## Instructions to follow
Look through the records below for the line with "pmul (pcomm (oinv H1) u)" and the line with "rewrite H2d1 -vd1", then return those lines and all lines between, exactly.

## Extracted data
(* Let $(G,\Omega)$ be an $\ell$-permutation group that is o-2 transitive, and let $g,h\in G$ with $h\neq1$ and $\mathrm{supp}(h)\cap\mathrm{supp}(h^g)=\emptyset$. Then there are $f,k\in G$ such that $$[h^{-1},h^f]\,[h^{-g},h^{gk}]\neq[h^{-g},h^{gk}]\,[h^{-1},h^f].$$
   Context: An $\ell$-permutation group $(G,\Omega)$ is a totally ordered set $\Omega$ with a subgroup $G$ of $\mathrm{Aut}(\Omega,\leqslant)$ (acting on the right) closed under pointwise max and min. It is o-2 transitive if $G$ acts transitively on pairs $(\alpha,\beta)$ with $\alpha<\beta$. $\mathrm{supp}(g)=\{\alpha:\alpha g\ne\alpha\}$, $g^f=f^{-1}gf$, $h^{-g}=(h^g)^{-1}$, $[a,b]=a^{-1}b^{-1}ab$. *)

From HB Require Import structures.
From mathcomp Require Import all_boot all_order.
From Stdlib Require Import ClassicalEpsilon.
Set Implicit Arguments. Unset Strict Implicit. Unset Printing Implicit Defensive.
Import Order.TTheory.
Local Open Scope order_scope.

Section LPerm.
Context {disp : Order.disp_t} {T : orderType disp}.

Definition order_aut (f : T -> T) : Prop :=
  bijective f /\ {mono f : x y / x <= y}.

(* the inverse function (chosen by choice; it is the genuine inverse
   whenever f is bijective) *)
Definition oinv (f : T -> T) : T -> T :=
  fun y => epsilon (inhabits y) (fun x => f x = y).

(* Right action: alpha (a b) = (alpha a) b, i.e. a b acts as b \o a. *)
Definition pmul (a b : T -> T) : T -> T := fun x => b (a x).

Definition pconj (h f : T -> T) : T -> T := pmul (pmul (oinv f) h) f.

Definition pcomm (a b : T -> T) : T -> T :=
  pmul (pmul (pmul (oinv a) (oinv b)) a) b.

Definition psupp (h : T -> T) : T -> Prop := fun x => h x <> x.

Definition l_perm_group (G : (T -> T) -> Prop) : Prop :=
  [/\ (forall f, G f -> order_aut f),
      G id,
      (forall f g, G f -> G g -> G (pmul f g)),
      (forall f, G f -> G (oinv f))
    & (forall f g, G f -> G g ->
         G (fun x => Order.max (f x) (g x)) /\ G (fun x => Order.min (f x) (g x)))].

Definition o2_transitive (G : (T -> T) -> Prop) : Prop :=
  forall a b c e : T, a < b -> c < e ->
    exists g, G g /\ g a = c /\ g b = e.

End LPerm.

From mathcomp Require Import all_boot all_order.
From Stdlib Require Import ClassicalEpsilon FunctionalExtensionality Classical.
Set Implicit Arguments. Unset Strict Implicit. Unset Printing Implicit Defensive.
Import Order.TTheory.
Local Open Scope order_scope.

(* Write H1 := h and H2 := h^g; their supports are disjoint, and h^(gk) = H2^k.
   Choose a point c moved upwards by one of them, say c < H1 c, and a point d
   moved upwards by the other with H1 c < d (reversing the order if h moves
   points downwards, and swapping the roles of H1 and H2 if needed).  By o-3
   transitivity there are f, k with f : (c, H1 c, d) |-> (c, d, H2 d) and
   k : (c, H2 d, H2^2 d) |-> (d, H2 d, H2^2 d).  Evaluating both products of
   commutators at H2 d gives d on one side and (H1^f)(H1^-1 c) <> d on the
   other. *)

Section Bijections.
Context {disp : Order.disp_t} {T : orderType disp}.
Implicit Types (f g h k : T -> T) (x y : T).

Lemma oinvKV f : bijective f -> cancel (oinv f) f.
Proof.
case=> f' fK f'K y.
by apply: (epsilon_spec (inhabits y) (fun x => f x = y)); exists (f' y).
Qed.

Lemma oinvK f : bijective f -> cancel f (oinv f).
Proof. by move=> bij_f x; apply: (bij_inj bij_f); rewrite oinvKV. Qed.

Lemma oinv_bij f : bijective f -> bijective (oinv f).
Proof. by move=> bij_f; exists f; [apply: oinvKV | apply: oinvK]. Qed.

Lemma oinv_oinv f : bijective f -> oinv (oinv f) =1 f.
Proof.
move=> bij_f x; apply: (bij_inj (oinv_bij bij_f)).
by rewrite oinvKV ?oinvK //; apply: oinv_bij.
Qed.

Lemma oinv_pmul f g : bijective f -> bijective g ->
  oinv (pmul f g) =1 pmul (oinv g) (oinv f).
Proof.
move=> bij_f bij_g y; have bij_fg : bijective (pmul f g) by apply: bij_comp.
by apply: (bij_inj bij_fg); rewrite oinvKV // /pmul !oinvKV.
Qed.

Lemma pconjE h f x : bijective f -> pconj h f (f x) = f (h x).
Proof. by move=> bij_f; rewrite /pconj /pmul oinvK. Qed.

Lemma pconj_pmul h g k : bijective g -> bijective k ->
  pconj h (pmul g k) = pconj (pconj h g) k.
Proof.
move=> bij_g bij_k; apply: functional_extensionality => x.
by rewrite /pconj [in LHS]/pmul oinv_pmul.
Qed.

Lemma pcomm_oinvE h u x : bijective h ->
  pcomm (oinv h) u x = u (oinv h (oinv u (h x))).
Proof. by move=> bij_h; rewrite /pcomm /pmul oinv_oinv. Qed.

(* With [A := [H1^-1, u]] and [B := [H2^-1, v]]: [(A B) d1 = d0] while
   [(B A) d1 = u (H1^-1 c0)], which differs from [u c0 = d0]. *)
Lemma pcomm_oinv_noncommute (H1 H2 u v : T -> T) (c0 d0 d1 d2 : T) :
  bijective H1 -> bijective H2 -> bijective u -> bijective v ->
  H1 c0 <> c0 -> H1 d0 = d0 -> H1 d1 = d1 -> H2 d0 = d1 -> H2 d1 = d2 ->
  u c0 = d0 -> u d1 = d1 -> v d0 = d0 -> v d1 = d2 ->
  pmul (pcomm (oinv H1) u) (pcomm (oinv H2) v) <>
  pmul (pcomm (oinv H2) v) (pcomm (oinv H1) u).
Proof.
move=> bH1 bH2 bu bv H1c0 H1d0 H1d1 H2d0 H2d1 uc0 ud1 vd0 vd1.
move=> /(congr1 (fun F => F d1)); rewrite /pmul !pcomm_oinvE //.
rewrite H1d1 -{1}ud1 oinvK // -{1}H1d1 oinvK // ud1.
rewrite H2d1 -vd1 oinvK // -H2d0 oinvK // vd0.
rewrite H1d0 -uc0 oinvK // => /(bij_inj bu) c0E.
by apply: H1c0; rewrite [in LHS]c0E oinvKV.
Qed.

End Bijections.

Definition disjoint_supp {disp : Order.disp_t} {T : orderType disp}
  (H1 H2 : T -> T) : Prop := forall x, H1 x = x \/ H2 x = x.

Definition comms_noncommuting {disp : Order.disp_t} {T : orderType disp}
  (G : (T -> T) -> Prop) (H1 H2 : T -> T) : Prop :=
  exists f k, G f /\ G k /\
    pmul (pcomm (oinv H1) (pconj H1 f)) (pcomm (oinv H2) (pconj H2 k)) <>
    pmul (pcomm (oinv H2) (pconj H2 k)) (pcomm (oinv H1) (pconj H1 f)).

Lemma comms_noncommutingC {disp : Order.disp_t} {T : orderType disp}
  (G : (T -> T) -> Prop) (H1 H2 : T -> T) :
  comms_noncommuting G H1 H2 -> comms_noncommuting G H2 H1.
Proof.
by move=> [f [k [Gf [Gk ne]]]]; exists k, f; do 2!split=> //; move/esym.
Qed.

Section LPermGroup.
Context {disp : Order.disp_t} {T : orderType disp}.
Variable G : (T -> T) -> Prop.
Hypothesis lG : l_perm_group G.
Implicit Types (f g h k : T -> T) (x y : T).

Lemma lperm_bij f : G f -> bijective f.
Proof. by case: lG => aut _ _ _ _ /aut []. Qed.

Lemma lperm_lemono f : G f -> {mono f : x y / x <= y}.
Proof. by case: lG => aut _ _ _ _ /aut []. Qed.

Lemma lperm_ltmono f : G f -> {mono f : x y / x < y}.
Proof. by move/lperm_lemono/leW_mono. Qed.

Lemma lperm_pconj h f : G h -> G f -> G (pconj h f).
Proof. by case: lG => _ _ Gmul Ginv _ Gh Gf; apply/Gmul/Gf/Gmul/Gh/Ginv. Qed.

(* [max (min (max p r) q) (min p r)] where [p], [r], [q] match the pairs
   [(a, b)], [(b, c)], [(a, c)] respectively. *)
Lemma o3_transitive : o2_transitive G ->
  forall a b c a' b' c' : T, a < b -> b < c -> a' < b' -> b' < c' ->
  exists F, G F /\ F a = a' /\ F b = b' /\ F c = c'.
Proof.
case: lG => _ _ _ _ Glat o2 a b c a' b' c' ab bc ab' bc'.
have [p [Gp [pa pb]]] := o2 a b a' b' ab ab'.
have [r [Gr [rb rc]]] := o2 b c b' c' bc bc'.
have [q [Gq [qa qc]]] := o2 a c a' c' (lt_trans ab bc) (lt_trans ab' bc').
have [Gpr Gpr'] := Glat p r Gp Gr.
have [_ Gprq] := Glat _ _ Gpr Gq.
have [GF _] := Glat _ _ Gprq Gpr'.
eexists; split; first exact: GF.
rewrite /= pa pb rb rc qa qc; split; last split.
- rewrite (@min_r _ _ (Order.max a' (r a))); last by rewrite le_max lexx.
  by rewrite max_l // ge_min lexx.
- by rewrite maxxx minxx max_r // ge_min lexx.
- rewrite (@min_r _ _ (Order.max (p c) c')); last by rewrite le_max lexx orbT.
  by rewrite max_l // ge_min lexx orbT.
Qed.

Lemma comms_noncommuting_of_lt H1 H2 c d : o2_transitive G ->
  G H1 -> G H2 -> disjoint_supp H1 H2 ->
  c < H1 c -> H1 c < d -> d < H2 d -> comms_noncommuting G H1 H2.
Proof.
move=> o2 GH1 GH2 disj cH1c H1cd dH2d.
have H2dH2 : H2 d < H2 (H2 d) by rewrite lperm_ltmono.
have cH2d : c < H2 d by rewrite (lt_trans cH1c) // (lt_trans H1cd).
have [f [Gf [fc [fH1c fd]]]] :=
  o3_transitive o2 cH1c H1cd (lt_trans cH1c H1cd) dH2d.
have [k [Gk [kc [kH2d kH2H2d]]]] := o3_transitive o2 cH2d H2dH2 dH2d H2dH2.
have H1_fix x : x < H2 x -> H1 x = x.
  by case: (disj x) => // ->; rewrite ltxx.
have H2c : H2 c = c by case: (disj c) => // H1c; move: cH1c; rewrite H1c ltxx.
have [bH1 bH2] := (lperm_bij GH1, lperm_bij GH2).
have [bf bk] := (lperm_bij Gf, lperm_bij Gk).
have bu := lperm_bij (lperm_pconj GH1 Gf).
have bv := lperm_bij (lperm_pconj GH2 Gk).
exists f, k; split=> //; split=> //.
apply: (@pcomm_oinv_noncommute _ _ _ _ _ _ c d (H2 d) (H2 (H2 d))) => //.
- by move/eqP; rewrite gt_eqF.
- exact: H1_fix.
- exact: H1_fix.
- by rewrite -fc pconjE.
- by rewrite -fd pconjE // H1_fix.
- by rewrite -kc pconjE // H2c.
- by rewrite -{1}kH2d pconjE.
Qed.

Lemma comms_noncommuting_conj_of_lt g h a : o2_transitive G ->
  G g -> G h -> disjoint_supp h (pconj h g) -> a < h a ->
  comms_noncommuting G h (pconj h g).
Proof.
move=> o2 Gg Gh disj aha; set H2 := pconj h g in disj *.
have GH2 : G H2 by apply: lperm_pconj.
have H2g y : H2 (g y) = g (h y) by rewrite /H2 pconjE //; apply: lperm_bij.
have gaH2ga : g a < H2 (g a) by rewrite H2g lperm_ltmono.
have hga : h (g a) = g a.
  by case: (disj (g a)) => // H2ga; move: gaH2ga; rewrite H2ga ltxx.
have H2a : H2 a = a by case: (disj a) => // ha; move: aha; rewrite ha ltxx.
case: (ltgtP (h a) (g a)) => [hag|gah|hag].
- exact: comms_noncommuting_of_lt o2 Gh GH2 disj aha hag gaH2ga.
- apply: comms_noncommutingC.
  have disj' : disjoint_supp H2 h by move=> x; case: (disj x); [right|left].
  have gaa : g a < a by rewrite ltNge -(lperm_lemono Gh) hga -ltNge.
  have H2gaa : H2 (g a) < a by rewrite -{2}H2a lperm_ltmono.
  exact: comms_noncommuting_of_lt o2 GH2 Gh disj' gaH2ga H2gaa aha.
- have : h (h a) = h a by rewrite hag hga.
  by move/(bij_inj (lperm_bij Gh)) => ha; move: aha; rewrite ha ltxx.
Qed.

End LPermGroup.

Lemma max_dual {disp : Order.disp_t} {T : orderType disp} (x y : T) :
  Order.max (x : T^d) y = Order.min x y.
Proof. by rewrite -joinEtotal joinEdual meetEtotal. Qed.

Lemma min_dual {disp : Order.disp_t} {T : orderType disp} (x y : T) :
  Order.min (x : T^d) y = Order.max x y.
Proof. by rewrite -meetEtotal meetEdual joinEtotal. Qed.

Lemma lperm_dual {disp : Order.disp_t} {T : orderType disp}
  (G : (T -> T) -> Prop) : l_perm_group G -> @l_perm_group _ T^d G.
Proof.
case=> aut Gid Gmul Ginv Glat; split=> // [f /aut [bij_f mono_f]|f g Gf Gg].
  by split=> // x y; rewrite !leEdual mono_f.
have -> : (fun x => Order.max (f x : T^d) (g x)) =
          (fun x => Order.min (f x : T) (g x)).
  by apply: functional_extensionality => x; exact: max_dual.
have -> : (fun x => Order.min (f x : T^d) (g x)) =
          (fun x => Order.max (f x : T) (g x)).
  by apply: functional_extensionality => x; exact: min_dual.
by have [Gmax Gmin] := Glat f g Gf Gg.
Qed.

Lemma o2_transitive_dual {disp : Order.disp_t} {T : orderType disp}
  (G : (T -> T) -> Prop) : o2_transitive G -> @o2_transitive _ T^d G.
Proof.
move=> o2 a b c e; rewrite !ltEdual => ba ec.
by have [g [Gg [gb ga]]] := o2 b a e c ba ec; exists g.
Qed.

Theorem lemma3p1 (disp : Order.disp_t) (T : orderType disp)
  (G : (T -> T) -> Prop)
  (HG : l_perm_group G) (H2 : o2_transitive G)
  (g h : T -> T) (Gg : G g) (Gh : G h)
  (hne1 : h <> id)
  (hdisj : forall x : T, psupp h x -> ~ psupp (pconj h g) x) :
  exists f k : T -> T, G f /\ G k /\
    pmul (pcomm (oinv h) (pconj h f))
         (pcomm (oinv (pconj h g)) (pconj h (pmul g k)))
    <>
    pmul (pcomm (oinv (pconj h g)) (pconj h (pmul g k)))
         (pcomm (oinv h) (pconj h f)).
Proof.
have disj : disjoint_supp h (pconj h g).
  move=> x; case: (eqVneq (h x) x) => [|/eqP hx]; [by left | right].
  by apply: NNPP; apply: hdisj.
have [a ha] : exists a, h a <> a.
  apply: not_all_ex_not => fix_h; apply: hne1.
  exact: functional_extensionality.
suff [f [k [Gf [Gk ne]]]] : comms_noncommuting G h (pconj h g).
  have [bg bk] := (lperm_bij HG Gg, lperm_bij HG Gk).
  by exists f, k; rewrite pconj_pmul.
case: (ltgtP a (h a)) => [aha|haa|/esym //].
- exact: (comms_noncommuting_conj_of_lt HG H2 Gg Gh disj aha).
- have aha : (a : T^d) < h a by rewrite ltEdual.
  exact: (comms_noncommuting_conj_of_lt (lperm_dual HG) (o2_transitive_dual H2)
            Gg Gh disj aha).
Qed.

## Answer to this exercise
  pmul (pcomm (oinv H1) u) (pcomm (oinv H2) v) <>
  pmul (pcomm (oinv H2) v) (pcomm (oinv H1) u).
Proof.
move=> bH1 bH2 bu bv H1c0 H1d0 H1d1 H2d0 H2d1 uc0 ud1 vd0 vd1.
move=> /(congr1 (fun F => F d1)); rewrite /pmul !pcomm_oinvE //.
rewrite H1d1 -{1}ud1 oinvK // -{1}H1d1 oinvK // ud1.
rewrite H2d1 -vd1 oinvK // -H2d0 oinvK // vd0.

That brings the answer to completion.